On-Premises Load Balancing¶
Scope¶
This file covers on-premises load balancing including HAProxy, NGINX, and F5 BIG-IP comparison, HA patterns (active-passive with keepalived, active-active with ECMP), SSL termination, and health check configuration. For cloud-managed load balancers, see the relevant provider knowledge files. For application-level traffic management, see general/service-mesh.md.
Checklist¶
- [Critical] Is a VIP failover mechanism (keepalived VRRP or equivalent) deployed so that load balancer failure does not take down all ingress traffic?
- [Critical] Are backend health checks configured with appropriate intervals (2-5s), thresholds (3 failures to mark down), and health check URIs that exercise application dependencies (not just TCP connect)?
- [Critical] Is SSL/TLS termination handled at the load balancer with certificates managed through automated renewal (ACME/Let's Encrypt or internal CA), and are backend connections re-encrypted where compliance requires end-to-end encryption?
- [Recommended] Is the load balancing algorithm appropriate for the workload -- round-robin for stateless, least-connections for variable-duration requests, source-IP hash for basic session affinity?
- [Recommended] Are connection limits and rate limiting configured to prevent a single client or backend from consuming all resources (HAProxy stick tables, NGINX limit_req/limit_conn)?
- [Recommended] Is configuration reload tested to confirm zero-downtime (HAProxy supports seamless reload via
-sfflag; NGINX supportsreloadsignal without dropping connections)? - [Recommended] Are access control lists (ACLs) configured to route traffic by hostname, path, or header to appropriate backends (multi-tenant or microservice routing)?
- [Recommended] Is logging configured to capture client IP (via X-Forwarded-For or PROXY protocol), response time, backend selected, and HTTP status for troubleshooting and capacity planning?
- [Optional] Is active-active load balancing deployed using DNS round-robin or ECMP to distribute traffic across multiple LB instances, rather than leaving one instance idle in standby?
- [Optional] Are connection draining and graceful shutdown configured so that backend servers removed from rotation complete in-flight requests before being fully detached?
- [Optional] Is caching enabled at the load balancer layer (NGINX proxy_cache or dedicated Varnish tier) for static assets to reduce backend load?

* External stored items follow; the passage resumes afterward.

Lemma gromov_ray x y s : 0 <= s <= d x0 x -> gp (ray x s) y = Rmin s (gp x y).
Proof.
  intros Hs. pose proof (dist_ray x s Hs) as Ed. pose proof (dist_base_ray x s Hs) as Ev.
  assert (Evx : gp (ray x s) x = s) by (unfold gromov in *; lra).
  pose proof (R_tree_gromov_ultra (ray x s) x y). pose proof (R_tree_gromov_ultra x (ray x s) y).
  rewrite (gromov_sym HM) in H0. rewrite Evx in *.
  pose proof (gromov_le_l HM x0 (ray x s) y). rewrite Ev in H1.
  destruct_min_max; lra.
Qed.

End RTree.

(** * Geodesic 0-hyperbolic spaces are R-trees *)

Section FourPoint.
Context {P : Type} {D : P -> P -> R} (HD : is_metric D) (H4 : four_point D).
Hypothesis geodesic_ex : forall a b, exists sg, is_geodesic D sg a b (D a b).

Lemma four_point_gromov_ultra a x z w : Rmin (gromov D a x z) (gromov D a z w) <= gromov D a x w.
Proof.
  pose proof (H4 x w a z). unfold gromov.
  rewrite (metric_sym HD x a), (metric_sym HD w z), (metric_sym HD w a) in H. destruct_min_max; lra.
Qed.

Lemma between_of_closer a x z w : between D a x z -> D w z < D x z -> between D a x w.
Proof.
  unfold between. intros Hb Hlt. pose proof (four_point_gromov_ultra a x z w) as H. unfold gromov in H.
  pose proof (metric_triangle HD a w z). pose proof (metric_triangle HD a x w).
  rewrite (metric_sym HD z w) in H. destruct_min_max; lra.
Qed.

(* At the first time [s0] where [x] lies between [a] and [g s0], continuity and
   [between_of_closer] force [g s0 = x]. *)
Lemma path_hits_between g u v a x :
  u <= v -> continuous_on D g u v -> g u = a -> between D a x (g v) ->
  exists s, u <= s <= v /\ g s = x.
Proof.
  intros Huv Hc Ha Hb.
  set (phi := fun s => D a x + D x (g s) - D a (g s)).
  assert (Hpc : continuous_on R_dist phi u v).
  { intros s Hs eps He. destruct (Hc s Hs (eps / 2)) as [dl [Hdl Hd]]; [lra|].
    exists dl. split; [exact Hdl|]. intros s' Hs' Hss. specialize (Hd s' Hs' Hss).
    unfold R_dist, phi. pose proof (metric_triangle HD x (g s) (g s')).
    pose proof (metric_triangle HD x (g s') (g s)). pose proof (metric_triangle HD a (g s) (g s')).
    pose proof (metric_triangle HD a (g s') (g s)).
    rewrite (metric_sym HD (g s') (g s)) in *. destruct_abs; lra. }
  assert (Hv : phi v = 0) by (unfold phi, between in *; lra).
  destruct (continuous_least_zero phi u v Huv Hpc Hv) as [s0 [Hs0 [Hp0 Hfirst]]].
  exists s0. split; [exact Hs0|].
  destruct (classic (g s0 = x)) as [E|NE]; [exact E|exfalso].
  assert (Hr : 0 < D x (g s0)) by (apply (metric_pos HD); auto).
  destruct (Req_dec s0 u) as [Eu|Nu].
  { unfold phi in Hp0. rewrite Eu, Ha, (metric_refl HD), (metric_sym HD x a) in Hp0.
    apply NE. rewrite Eu, Ha. apply (metric_eq0 HD). lra. }
  destruct (Hc s0 Hs0 _ Hr) as [dl [Hdl Hd]].
  set (s' := Rmax u (s0 - dl / 2)).
  assert (Hs' : u <= s' <= v /\ s' < s0 /\ Rabs (s0 - s') < dl)
    by (unfold s'; destruct_min_max; destruct_abs; lra).
  destruct Hs' as [Hs'1 [Hs'2 Hs'3]].
  specialize (Hd s' Hs'1 Hs'3).
  assert (Hz : phi s' = 0).
  { unfold phi in *. rewrite (metric_sym HD (g s0) (g s')) in Hd.
    pose proof (between_of_closer a x (g s0) (g s')). unfold between in *. lra. }
  apply Hfirst in Hz; lra.
Qed.

Lemma path_hits_between_rev g u v b x :
  u <= v -> continuous_on D g u v -> g v = b -> between D b x (g u) ->
  exists s, u <= s <= v /\ g s = x.
Proof.
  intros Huv Hc Hb Hbt.
  destruct (path_hits_between (fun s => g (- s)) (- v) (- u) b x) as [s [Hs E]].
  - lra.
  - apply continuous_on_reverse, Hc.
  - rewrite Ropp_involutive. exact Hb.
  - rewrite Ropp_involutive. exact Hbt.
  - exists (- s). split; [lra|exact E].
Qed.

Lemma geodesic_projection_between a b sg x :
  is_geodesic D sg a b (D a b) ->
  let c := sg (gromov D a x b) in between D a c x /\ between D b c x.
Proof.
  intros Hg c. unfold between.
  assert (Ht : 0 <= gromov D a x b <= D a b) by (split; [apply (gromov_ge0 HD)|apply (gromov_le_r HD)]).
  destruct (geodesic_point _ _ _ _ _ _ Hg Ht) as [Ec1 Ec2]. fold c in Ec1, Ec2.
  pose proof (four_point_gromov_ultra a c b x) as U1. pose proof (four_point_gromov_ultra b c a x) as U2.
  pose proof (metric_triangle HD a c x). pose proof (metric_triangle HD a x c).
  pose proof (metric_triangle HD b c x). pose proof (metric_triangle HD b x c).
  unfold gromov in *.
  rewrite (metric_sym HD x c), (metric_sym HD b c), (metric_sym HD b a), (metric_sym HD c a),
    (metric_sym HD b x) in *.
  split; destruct_min_max; lra.
Qed.

(* Otherwise the arc would pass through the projection [c] of [x] both before and after [x]. *)
Lemma arc_on_geodesic a b sg B :
  is_geodesic D sg a b (D a b) -> is_arc D a b B ->
  forall x, B x -> exists s, 0 <= s <= D a b /\ sg s = x.
Proof.
  intros Hg [g [G0 [G1 [Gc [Gi Gim]]]]] x Bx.
  apply Gim in Bx. destruct Bx as [s0 [Hs0 Ex]]. unfold in01 in Hs0.
  destruct (geodesic_projection_between a b sg x Hg) as [Bac Bbc].
  set (c := sg (gromov D a x b)) in *.
  destruct (classic (x = c)) as [Exc|Nxc].
  { exists (gromov D a x b). split; [split; [apply (gromov_ge0 HD)|apply (gromov_le_r HD)]|].
    symmetry; exact Exc. }
  exfalso.
  destruct (path_hits_between g 0 s0 a c ltac:(lra)) as [s1 [Hs1 E1]].
  { exact (continuous_on_sub D g 0 1 0 s0 ltac:(lra) ltac:(lra) Gc). }
  { exact G0. } { rewrite Ex. exact Bac. }
  destruct (path_hits_between_rev g s0 1 b c ltac:(lra)) as [s2 [Hs2 E2]].
  { exact (continuous_on_sub D g 0 1 s0 1 ltac:(lra) ltac:(lra) Gc). }
  { exact G1. } { rewrite Ex. exact Bbc. }
  assert (s1 <> s0) by (intros ->; apply Nxc; rewrite <- Ex; exact E1).
  assert (s2 <> s0) by (intros ->; apply Nxc; rewrite <- Ex; exact E2).
  assert (s1 = s2) by (apply Gi; unfold in01; [lra|lra|congruence]).
  lra.
Qed.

- [Optional] Are WebSocket and long-lived connection timeouts tuned separately from standard HTTP timeouts to prevent premature disconnection?
- [Recommended] Is monitoring in place for LB-specific metrics: active connections, backend response time, health check state changes, connection queue depth, and SSL handshake rate?
Why This Matters¶
On-premises environments lack the managed load balancers available in public clouds (AWS ALB/NLB, Azure LB), so teams must build and operate their own ingress tier. A single load balancer without VIP failover becomes the most fragile point in the architecture -- every backend service can be healthy, but if the LB dies, all traffic stops. Poor health check configuration leads to traffic being sent to failed backends, causing intermittent errors that are difficult to diagnose. SSL termination at the LB centralizes certificate management and offloads CPU-intensive TLS handshakes from application servers, but misconfiguration can expose unencrypted traffic on the backend network. Rate limiting at the LB layer is the first line of defense against traffic spikes and abuse, preventing a single misbehaving client from degrading service for all users.
Common Decisions (ADR Triggers)¶
- HAProxy vs NGINX vs F5 -- HAProxy excels at pure L4/L7 load balancing with superior connection handling (millions of concurrent connections), NGINX adds caching and web serving capabilities, F5 BIG-IP provides enterprise features (iRules, GTM for DNS-based GSLB) at significant licensing cost ($50K-$200K+ per appliance pair). HAProxy and NGINX are free/open-source; NGINX Plus adds health checks, session persistence, and support (~$2,500/yr per instance). Decision depends on existing team expertise, feature requirements, and budget.
- L4 (TCP/UDP) vs L7 (HTTP) load balancing -- L4 is faster (no protocol parsing), supports any TCP protocol, and preserves client IP naturally, but cannot route by URL path or hostname. L7 enables content-based routing, header manipulation, and HTTP-specific health checks, but adds latency (~0.5-2ms) and requires SSL termination at the LB. Most web workloads benefit from L7; database and non-HTTP services require L4.
- Active-passive vs active-active -- Active-passive with keepalived VRRP is simpler: one LB handles all traffic, the standby takes over in 1-3 seconds on failure. Active-active (DNS round-robin or ECMP from upstream routers) uses both LB instances but requires session persistence or stateless backends, and DNS-based failover has TTL-dependent delay (30s-300s). ECMP provides fast failover but requires BGP or OSPF integration.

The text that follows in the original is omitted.